I Used to Know
A list of things I used to know...
- I liked to head to heavy metal concerts and bang my head a few times a week. I'd fearlessly enter the moshpit and move right to the middle. I'd stand there and get knocked around, shoved, punched, but I wanted to prove I could take it. The angry music made me angrier. Unfortunately for the people in my life, I carried the anger with me most of the time and I wasn't a pleasant dude to be around. My ears were pierced in 4 or 5 places (I can't remember now), my nails were painted jet black or gun metal gray and I wore a necklace that said 'F*** you' on it. Looking back now, I don't like that version of me very much.
- I got a high on making others feel bad. I knew what it felt like to be bullied and one day I decided I'd had enough and became the bully myself. In social situations, I was always the one putting others down, because people would laugh and I wanted to be accepted. Looking back now, I don't like that version of me very much.
- I didn't appreciate women. I thank God every day that Jenny has forgiven me for my past sins and for all the ways I didn't treat her the way she deserved to be treated. I was young & naive & full of myself. I'd act on whims and not think about how my actions would affect others. Looking back now, I don't like that version of me very much.

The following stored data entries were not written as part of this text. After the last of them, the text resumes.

Lemma Hw_sup_Hw p th : condition p -> Hw p th = sup [set Hw q th | q in below Mcl S p].
Proof.
move=> p_cond; apply/eqP; rewrite eq_le; apply/andP; split.
- apply: Hw_le => // q qp; apply: le_trans (Hinf_le_Hw_refl th (below_condition qp)) _.
  by apply: le_sup_image qp => r /below_condition; exact: Hw_le1.
- by apply: ge_sup_image; [exists p; exact: below_refl|move=> q; exact: Hw_antitone].
Qed.

Lemma Hw_sup_inf_Hw p th : condition p ->
  Hw p th = sup [set inf [set Hw q' th | q' in below Mcl S q] | q in below Mcl S p].
Proof.
move=> p_cond.
have inf_le_Hw q : condition q -> inf [set Hw q' th | q' in below Mcl S q] <= Hw q th.
  by move=> q_cond; apply: ge_inf_image (below_refl q_cond) => r /below_condition; exact: Hw_ge0.
apply/eqP; rewrite eq_le; apply/andP; split.
- apply: Hw_le => // q qp; apply: le_trans _ (le_sup_image _ qp); last first.
    by move=> r /below_condition r_cond; apply: le_trans (inf_le_Hw _ r_cond) (Hw_le1 _ r_cond).
  apply: le_inf_image; first by exists q; exact: below_refl (below_condition qp).
  by move=> r rq; apply: le_trans (Hinf_antitone th rq) (Hinf_le_Hw_refl _ (below_condition rq)).
- apply: ge_sup_image; first by exists p; exact: below_refl.
  by move=> q qp; apply: le_trans (inf_le_Hw _ (below_condition qp)) (Hw_antitone _ qp).
Qed.

Lemma HwE p th : Hw p th = sup [set Hinf q th | q in below Mcl S p].
Proof. by []. Qed.

Hypothesis S_closed : subformula_closed S.

(* Forcing [~ phi < 1 - sval a phi + e] keeps the model [a] and makes [phi] at least
   [sval a phi - e] in every model below. *)
Lemma sval_le_Hw q (M : structure L) (a : nat -> M) phi :
  condition q -> models q a -> SigmaC S (FNeg phi) -> sentence (FNeg phi) ->
  sval a phi <= Hw q phi.
Proof.
move=> q_cond mod_a nphi_Sigma nphi_sent; apply/ler_addgt0Pr => e e_gt0.
pose r := (FNeg phi, 1 - sval a phi + e) :: q.
have nphi_lt : sval a (FNeg phi) < 1 - sval a phi + e by rewrite sval_FNeg; lra.
have [r_q _] : r <=c q /\ _ := models_extend q_cond mod_a nphi_Sigma nphi_sent nphi_lt.
suff : sval a phi - e <= Hinf r phi by have := Hinf_le_Hw phi r_q; lra.
apply: le_Hinf (below_condition r_q) _ => M' b mod_b.
by have := models_entry mod_b (or_introl erefl); rewrite sval_FNeg; lra.
Qed.

Lemma Hinf_FNeg q phi : condition q -> SigmaC S (FNeg phi) -> sentence (FNeg phi) ->
  Hinf q (FNeg phi) = 1 - Hw q phi.
Proof.
move=> q_cond nphi_Sigma nphi_sent.
have phi_Sigma : SigmaC S phi := SigmaC_imm_sub S_closed nphi_Sigma erefl.
apply/eqP; rewrite eq_le; apply/andP; split.
- suff : Hw q phi <= 1 - Hinf q (FNeg phi) by lra.
  apply: Hw_le_sval => // M a mod_a.
  by have := Hinf_le_sval q_cond mod_a nphi_Sigma nphi_sent; rewrite sval_FNeg; lra.
- apply: le_Hinf => // M a mod_a; rewrite sval_FNeg.
  by have := sval_le_Hw q_cond mod_a nphi_Sigma nphi_sent; lra.
Qed.

Lemma Hw_FNeg p phi : condition p -> SigmaC S (FNeg phi) -> sentence (FNeg phi) ->
  Hw p (FNeg phi) = 1 - inf [set Hw q phi | q in below Mcl S p].
Proof.
move=> p_cond nphi_Sigma nphi_sent; set I := inf [set Hw q phi | q in below Mcl S p].
have I_le q : q <=c p -> I <= Hw q phi.
  by apply: ge_inf_image => r /below_condition; exact: Hw_ge0.
apply/eqP; rewrite eq_le; apply/andP; split.
- apply: Hw_le => // q qp; rewrite (Hinf_FNeg (below_condition qp)) //.
  by have := I_le q qp; lra.
- suff : 1 - Hw p (FNeg phi) <= I by lra.
  apply: le_inf_image; first by exists p; exact: below_refl.
  move=> q qp; have := Hinf_le_Hw (FNeg phi) qp.
  by rewrite (Hinf_FNeg (below_condition qp)) //; lra.
Qed.

Lemma Hinf_FHalf q phi : condition q -> SigmaC S (FHalf phi) -> sentence (FHalf phi) ->
  Hinf q (FHalf phi) = Hinf q phi / 2.
Proof.
move=> q_cond hphi_Sigma hphi_sent.
have phi_Sigma : SigmaC S phi := SigmaC_imm_sub S_closed hphi_Sigma erefl.
have phi_sent : sentence phi := hphi_sent.
apply/eqP; rewrite eq_le; apply/andP; split.
- suff : 2 * Hinf q (FHalf phi) <= Hinf q phi by lra.
  apply: le_Hinf => // M a mod_a.
  by have := Hinf_le_sval q_cond mod_a hphi_Sigma hphi_sent; rewrite sval_FHalf; lra.
- apply: le_Hinf => // M a mod_a; rewrite sval_FHalf.
  by have := Hinf_le_sval q_cond mod_a phi_Sigma phi_sent; lra.
Qed.

Lemma Hw_FHalf p phi : condition p -> SigmaC S (FHalf phi) -> sentence (FHalf phi) ->
  Hw p (FHalf phi) = Hw p phi / 2.
Proof.
move=> p_cond hphi_Sigma hphi_sent; apply/eqP; rewrite eq_le; apply/andP; split.
- apply: Hw_le => // q qp; rewrite (Hinf_FHalf (below_condition qp)) //.
  by have := Hinf_le_Hw phi qp; lra.
- suff : Hw p phi <= 2 * Hw p (FHalf phi) by lra.
  apply: Hw_le => // q qp; have := Hinf_le_Hw (FHalf phi) qp.
  by rewrite (Hinf_FHalf (below_condition qp)) //; lra.
Qed.

Lemma Hinf_FPlus_le q phi psi :
  condition q -> SigmaC S (FPlus phi psi) -> sentence (FPlus phi psi) ->
  Hinf q (FPlus phi psi) <= Hw q phi + Hw q psi.
Proof.
move=> q_cond sum_Sigma sum_sent; set x := Hinf q (FPlus phi psi).
have phi_Sigma : SigmaC S phi := SigmaC_imm_sub S_closed sum_Sigma (or_introl erefl).
have phi_sent : sentence phi := fun y phi_y => sum_sent y (or_introl phi_y).
suff : x - Hw q psi <= Hinf q phi by have := Hinf_le_Hw_refl phi q_cond; lra.
apply: le_Hinf => // M a mod_a; apply/ler_addgt0Pr => e e_gt0.
pose r := (phi, sval a phi + e) :: q.
have phi_lt : sval a phi < sval a phi + e by rewrite ltrDl.
have [r_q _] : r <=c q /\ _ := models_extend q_cond mod_a phi_Sigma phi_sent phi_lt.
suff : x - sval a phi - e <= Hinf r psi by have := Hinf_le_Hw psi r_q; lra.
apply: le_Hinf (below_condition r_q) _ => M' b mod_b.
have := Hinf_le_sval (below_condition r_q) mod_b sum_Sigma sum_sent.
have := Hinf_antitone (FPlus phi psi) r_q; have := models_entry mod_b (or_introl erefl).
have : Num.min (sval b phi + sval b psi) 1 <= sval b phi + sval b psi by rewrite ge_min lexx.
by rewrite sval_FPlus /x; lra.
Qed.

Lemma Hinf_FPlus q phi psi :
  condition q -> SigmaC S (FPlus phi psi) -> sentence (FPlus phi psi) ->
  Hinf q (FPlus phi psi) =
    inf [set Num.min (Hw q' phi + Hw q' psi) 1 | q' in below Mcl S q].
Proof.
move=> q_cond sum_Sigma sum_sent.
have phi_Sigma : SigmaC S phi := SigmaC_imm_sub S_closed sum_Sigma (or_introl erefl).
have psi_Sigma : SigmaC S psi := SigmaC_imm_sub S_closed sum_Sigma (or_intror erefl).
have phi_sent : sentence phi := fun y phi_y => sum_sent y (or_introl phi_y).
have psi_sent : sentence psi := fun y psi_y => sum_sent y (or_intror psi_y).
set I := inf _.
have min_ge0 q' : q' <=c q -> 0 <= Num.min (Hw q' phi + Hw q' psi) 1.
  move=> /below_condition q'_cond; rewrite le_min ler01 andbT.
  by apply: addr_ge0; exact: Hw_ge0.
have I_le q' : q' <=c q -> I <= Num.min (Hw q' phi + Hw q' psi) 1 := ge_inf_image min_ge0.
apply/eqP; rewrite eq_le; apply/andP; split.
- apply: le_inf_image; first by exists q; exact: below_refl.
  move=> q' q'q; have q'_cond := below_condition q'q.
  apply: le_trans (Hinf_antitone _ q'q) _.
  by rewrite le_min Hinf_FPlus_le // Hinf_le1.
- apply: le_Hinf => // M a mod_a; rewrite sval_FPlus le_min; apply/andP; split; last first.
    by have := I_le q (below_refl q_cond); rewrite le_min => /andP[].
  apply/ler_addgt0Pr => e e_gt0.
  have phi_lt : sval a phi < sval a phi + e / 2 by lra.
  have psi_lt : sval a psi < sval a psi + e / 2 by lra.
  have [r1_q mod_r1] := models_extend q_cond mod_a phi_Sigma phi_sent phi_lt.
  have [r2_r1 _] := models_extend (below_condition r1_q) mod_r1 psi_Sigma psi_sent psi_lt.
  have r2_q := below_trans r1_q r2_r1; have r2_cond := below_condition r2_q.
  have := I_le _ r2_q; rewrite le_min => /andP[I_le_sum _].
  have := Hw_le_entry r2_cond (or_intror (or_introl erefl)).
  by have := Hw_le_entry r2_cond (or_introl erefl); lra.
Qed.

(* The last hypothesis: the value of [Th] in a model of [q] is the greatest common lower bound of
   the values of the [th t] in the models of [q] on the same structure (for [FInf] this needs fresh
   constants). *)
Lemma Hinf_family (T : Type) (t0 : T) q (Th : formula L) (th : T -> formula L) :
  condition q -> SigmaC S Th -> sentence Th ->
  (forall t, SigmaC S (th t)) -> (forall t, sentence (th t)) ->
  (forall (M : structure L) (a : nat -> M) t, sval a Th <= sval a (th t)) ->
  (forall (M : structure L) (a : nat -> M) b, models q a ->
     (forall (a' : nat -> M) t, models q a' -> b <= sval a' (th t)) -> b <= sval a Th) ->
  Hinf q Th = inf [set inf (range (fun t => Hw q' (th t))) | q' in below Mcl S q].
Proof.
move=> q_cond Th_Sigma Th_sent th_Sigma th_sent Th_le Th_glb; set I := inf _.
have K_ge0 q' : q' <=c q -> 0 <= inf (range (fun t => Hw q' (th t))).
  by move=> /below_condition q'_cond; apply: le_inf_image => [|t _]; [exists t0|exact: Hw_ge0].
apply/eqP; rewrite eq_le; apply/andP; split.
- apply: le_inf_image; first by exists q; exact: below_refl.
  move=> q' q'q; have q'_cond := below_condition q'q.
  apply: le_trans (Hinf_antitone _ q'q) _.
  apply: le_inf_image => [|t _]; first by exists t0.
  apply: le_trans (Hinf_le_Hw_refl _ q'_cond); apply: le_Hinf => // M a mod_a.
  exact: le_trans (Hinf_le_sval q'_cond mod_a Th_Sigma Th_sent) (Th_le M a t).
- apply: le_Hinf => // M a mod_a; apply: Th_glb mod_a _ => a' t mod_a'.
  apply: le_sval_of_Hw q_cond mod_a' (th_Sigma t) (th_sent t) _ => r rq.
  apply: le_trans (ge_inf_image K_ge0 rq) _.
  by apply: inf_range_le => t'; exact: Hw_ge0 (below_condition rq).
Qed.

Lemma Hinf_FAnd q Phi : condition q -> SigmaC S (FAnd Phi) -> sentence (FAnd Phi) ->
  Hinf q (FAnd Phi) = inf [set inf (range (fun n => Hw q' (Phi n))) | q' in below Mcl S q].
Proof.
move=> q_cond and_Sigma and_sent.
apply: (Hinf_family 0%N) => //.
- by move=> n; apply: SigmaC_imm_sub S_closed and_Sigma _; exists n.
- by move=> n y Phin_y; apply: and_sent (ex_intro _ n Phin_y).
- move=> M a n; rewrite sval_FAnd; apply: inf_range_le => k.
  by case/andP: (sval_unit a (Phi k)).
- move=> M a b mod_a b_le; rewrite sval_FAnd.
  by apply: le_inf_image => [|n _]; [exists 0%N|exact: b_le mod_a].
Qed.

Lemma Hinf_FInf q x phi : condition q -> SigmaC S (FInf x phi) -> sentence (FInf x phi) ->
  Hinf q (FInf x phi) =
    inf [set inf (range (fun c => Hw q' (fsubst x c phi))) | q' in below Mcl S q].
Proof.
move=> q_cond inf_Sigma inf_sent.
have phi_Sigma : SigmaC S phi := SigmaC_imm_sub S_closed inf_Sigma erefl.
apply: (Hinf_family 0%N) => //.
- by move=> c; exact: SigmaC_fsubst.
- by move=> c; exact: sentence_fsubst.
- move=> M a c; rewrite sval_FInf sval_fsubst; apply: inf_range_le => m.
  by case/andP: (feval_unit a (upd (fun _ => inhab M) x m) phi).
- move=> M a b mod_a b_le.
  have [cs phi_cs] := SigmaC_fconst_finite S_Cfree inf_Sigma.
  (* Interpreting a fresh constant [c] by [m] changes neither [q] nor [phi]. *)
  have [c c_fresh mod_ac] := models_fresh cs mod_a.
  rewrite sval_FInf; apply: le_inf_image => [|m _]; first by exists (inhab M).
  apply: le_trans (b_le _ c (mod_ac m)) _; rewrite sval_fsubst eqxx le_eqVlt; apply/orP; left.
  apply/eqP/feval_eq_const => d phi_d; case: eqP => // dc.
  by move: c_fresh; rewrite -dc phi_cs.
Qed.

End Forcing.

Theorem proposition3p3 (R : realType) (L : signature R)
    (Mcl : set (structure L)) (A S : set (formula L)) :
  is_fragment A -> S `<=` A ->
  (forall phi, atomicL phi -> S phi) -> subformula_closed S ->
  forall p : cond L, is_condition Mcl S p ->
  (forall phi, SigmaC S phi -> sentence phi ->
     Hw Mcl S p phi = sup [set Hw Mcl S q phi | q in below Mcl S p] /\
     Hw Mcl S p phi =
       sup [set inf [set Hw Mcl S q' phi | q' in below Mcl S q] | q in below Mcl S p]) /\
  (forall phi, SigmaC S (FNeg phi) -> sentence (FNeg phi) ->
     Hw Mcl S p (FNeg phi) = 1 - inf [set Hw Mcl S q phi | q in below Mcl S p]) /\
  (forall phi, SigmaC S (FHalf phi) -> sentence (FHalf phi) ->
     Hw Mcl S p (FHalf phi) = Hw Mcl S p phi / 2) /\
  (forall phi psi, SigmaC S (FPlus phi psi) -> sentence (FPlus phi psi) ->
     Hw Mcl S p (FPlus phi psi) =
       sup [set inf [set Num.min (Hw Mcl S q' phi + Hw Mcl S q' psi) 1
                      | q' in below Mcl S q] | q in below Mcl S p]) /\
  (forall Phi : nat -> formula L, SigmaC S (FAnd Phi) -> sentence (FAnd Phi) ->
     Hw Mcl S p (FAnd Phi) =
       sup [set inf [set inf (range (fun n => Hw Mcl S q' (Phi n)))
                      | q' in below Mcl S q] | q in below Mcl S p]) /\
  (forall (x : nat) (phi : formula L), SigmaC S (FInf x phi) -> sentence (FInf x phi) ->
     Hw Mcl S p (FInf x phi) =
       sup [set inf [set inf (range (fun c : nat => Hw Mcl S q' (fsubst x c phi)))
                      | q' in below Mcl S q] | q in below Mcl S p]).
Proof.
move=> [_ A_L _ _ _] S_A _ S_closed p p_cond.
have S_Cfree phi : S phi -> forall c, ~ fconst phi c by move=> /S_A /A_L [].
split; first by move=> phi _ _; split; [exact: Hw_sup_Hw|exact: Hw_sup_inf_Hw].
split; first by move=> phi; exact: Hw_FNeg.
split; first by move=> phi; exact: Hw_FHalf.
split; [|split]; [move=> phi psi|move=> Phi|move=> x phi] => th_Sigma th_sent;
  rewrite HwE; congr sup; apply: eq_imagel => q /below_condition q_cond.
- exact: Hinf_FPlus.
- exact: Hinf_FAnd.
- exact: Hinf_FInf.
Qed.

- I let my ego run my life. I was so sure I was better, smarter, etc than everyone else. I thought I was perfect and could do no wrong. I treated people harshly. I never gave anyone the benefit of the doubt. I was slow to forgive, if I ever even let someone off the hook for messing up. I never accepted responsibility for my actions and was quick to pass the blame onto someone else. Looking back now, I don't like that version of myself.
- I wasted a lot of time on sports and video games. I still watch sports and play video games every now and again, but when I do, I feel like I just wasted my time. There are things to be drawn...stories to be told...memories to be made. Nothing against sports and video games, because it seems like they bring people together. But I used to think I loved them. Now I just feel empty after watching people get paid millions of dollars to run around or staring blankly at my phone and pressing buttons. I don't like that version of myself either.
- I had everything figured out. I knew it all. I was disruptive towards authority (teachers/bosses) even if they weren't bad teachers/bosses. Looking back, I don't like that version of myself.
- I was in control. I could make things go the way I wanted, and if life didn't go the way I wanted, I would just lie and manipulate until I got my way. Looking back, I don't like that version of myself.
Turns out as I get older I'm becoming more and more comfortable with not knowing a darn thing. There really are no rules in this life. Any/all rules that I want to begin to think I know Brian Andreas has written for us already, but even he admits those change from moment to moment.
Because I don't like listening to music that makes me aggressive. I don't like being a bully. I don't like being disrespectful to my fellow brothers & sisters. I don't want my ego running my life. I don't want to waste my time. I don't have anything figured out. I'm not in control of anything but my thoughts & actions.
I used to think I knew so much. As time passes, the list of things I'm sure of gets smaller and smaller. I know I loved waking up in the RV this past Saturday morning, holding Jenny tight and seeing that warm love-filled smile on her face because we did it. We fixed up our RV and slept in it and drove it successfully. I know I loved watching Lia work up the courage to step her little feet into the cold water of Lake Michigan, even if only for a few brief seconds.
It's in those moments when I can just take a minute to appreciate life. I'm certain moments like those hold the key to what's worth knowing. The small moments I overlooked when I was racing through life like a selfish one man wrecking ball. I know now I don't want to miss those moments. I want to spend as much time in awe...in a state of wonder...grateful for the opportunity to not be an asshole (although I still have my fair share of slip ups).
Most importantly, the only true thing I know is that love drives everything that matters to me. It's always there, even in the times when I fight really hard not to see it. It's there. Love has been guiding me my whole life and looking back now, I can see that it took forgetting all the things I used to know to learn the only thing that matters...LOVE.
**I'm currently in Jeanette LeBlanc's 10 week writing course, and this is one of the exercises we did this week.